Is this defined?

A= $\dfrac{1}{p}$ , where p=x+10+ $\dfrac{25}{x}$ .

Minimum value of x+ $\dfrac{25}{x}$ is 10 (A.M.-G.M. inequality). So the minimum value of p is 20. Therefore the maximum value of A is $\dfrac{1}{20}$ when x=5

This problem is in the realm of calculus.

The maximum occurs at a value of $x$ where the value of first derivative of the function $x\to\frac{x}{(x+5)^2}$ is $0$ .

$\frac{\partial \frac{x}{(x+5)^2}}{\partial x}\Rightarrow \frac{1}{(x+5)^2}-\frac{2 x}{(x+5)^3}$

$\frac{1}{(x+5)^2}-\frac{2 x}{(x+5)^3} \Rightarrow (x+5)-2 x=0 \Rightarrow x=5$

$\frac{\partial ^2\frac{x}{(x+5)^2}}{\partial x\, \partial x} \Rightarrow \frac{6 x}{(x+5)^4}-\frac{4}{(x+5)^3}$ evaluated at $x=5$ is $-\frac{1}{1000}$ , of which the important fact is that the value is negative and therefore the extrema is a maximum. If it were positive, then it would be a minimum.
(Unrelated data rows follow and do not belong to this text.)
Lemma cube_of_square_bound (X Y Z b : R) :
  0 <= X -> 0 <= Y -> 0 <= Z -> 0 <= b ->
  X ^+ 2 <= Y ^+ 2 + Z ^+ 2 + b * Y -> X ^+ 3 <= 3 * Y ^+ 3 + 2 * Z ^+ 3 + b ^+ 3.
Proof.
move=> X_ge0 Y_ge0 Z_ge0 b_ge0 sq_le.
have bY_le : 2 * (b * Y) <= b ^+ 2 + Y ^+ 2 by have := sqr_ge0 (b - Y); nra.
have X3_le : 2 * X ^+ 3 <= 3 * (X * Y ^+ 2) + 2 * (X * Z ^+ 2) + X * b ^+ 2.
  have -> : 2 * X ^+ 3 = X * (2 * X ^+ 2) by ring.
  have -> : 3 * (X * Y ^+ 2) + 2 * (X * Z ^+ 2) + X * b ^+ 2
    = X * (3 * Y ^+ 2 + 2 * Z ^+ 2 + b ^+ 2) by ring.
  by apply: ler_wpM2l => //; lra.
have := young_cube X_ge0 Y_ge0; have := young_cube X_ge0 Z_ge0.
have := young_cube X_ge0 b_ge0.
have := exprn_ge0 3 Y_ge0; have := exprn_ge0 3 Z_ge0; have := exprn_ge0 3 b_ge0.
lra.
Qed.

End RealInequalities.

Lemma powR32 (R : realType) (z : R) : 0 <= z -> z `^ (3 / 2) = Num.sqrt z ^+ 3.
Proof.
move=> z_ge0; have -> : (3 / 2 : R) = 1 + 2^-1 by field.
rewrite powRD; last by apply/implyP => /eqP; lra.
by rewrite powRr1 // powR12_sqrt // -{1}(sqr_sqrtr z_ge0) -exprSr.
Qed.

Lemma scaled_cube_bound (R : realType) (M G r al be : R) :
  0 < M -> 0 <= G -> 0 <= r -> 0 <= al -> 0 <= be ->
  G <= M * r ^+ 2 + al + be * r ->
  (Num.sqrt M)^-1 * G `^ (3 / 2)
  <= 3 * M * r ^+ 3 + 2 / Num.sqrt M * al `^ (3 / 2) + (M ^+ 2)^-1 * be ^+ 3.
Proof.
move=> M_gt0 G_ge0 r_ge0 al_ge0 be_ge0 G_le.
rewrite !powR32 //.
set m := Num.sqrt M; set q := Num.sqrt G; set p := Num.sqrt al.
have m_gt0 : 0 < m by rewrite sqrtr_gt0.
have m_neq0 : m != 0 by rewrite gt_eqF.
have mM : m ^+ 2 = M by rewrite sqr_sqrtr // ltW.
have qG : q ^+ 2 = G by rewrite sqr_sqrtr.
have pal : p ^+ 2 = al by rewrite sqr_sqrtr.
have sq_le : (m * q) ^+ 2 <= (m ^+ 2 * r) ^+ 2 + (m * p) ^+ 2 + be * (m ^+ 2 * r).
  by rewrite !exprMn qG pal mM; have := ler_wpM2l (ltW M_gt0) G_le; lra.
have := cube_of_square_bound (mulr_ge0 (ltW m_gt0) (sqrtr_ge0 G))
  (mulr_ge0 (exprn_ge0 2 (ltW m_gt0)) r_ge0) (mulr_ge0 (ltW m_gt0) (sqrtr_ge0 al)) be_ge0 sq_le.
have -> : m^-1 * q ^+ 3 = (m ^+ 4)^-1 * (m * q) ^+ 3 by field.
have -> : 3 * M * r ^+ 3 + 2 / m * p ^+ 3 + (M ^+ 2)^-1 * be ^+ 3
  = (m ^+ 4)^-1 * (3 * (m ^+ 2 * r) ^+ 3 + 2 * (m * p) ^+ 3 + be ^+ 3).
  by rewrite -mM; field.
by apply: ler_wpM2l; rewrite invr_ge0 exprn_ge0 // ltW.
Qed.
If zero, then is would be a "saddle", a level spot in the function.

To illustration the last point, $x\to x^3$ :

$\frac{\partial x^3}{\partial x} \Rightarrow 3x^2$ . That equation has a double root at $x=0$ . $\frac{\partial ^2x^3}{\partial x\, \partial x} \Rightarrow 6x$ evaluated at $x=0$ is also $0$ . This indicates a level spot.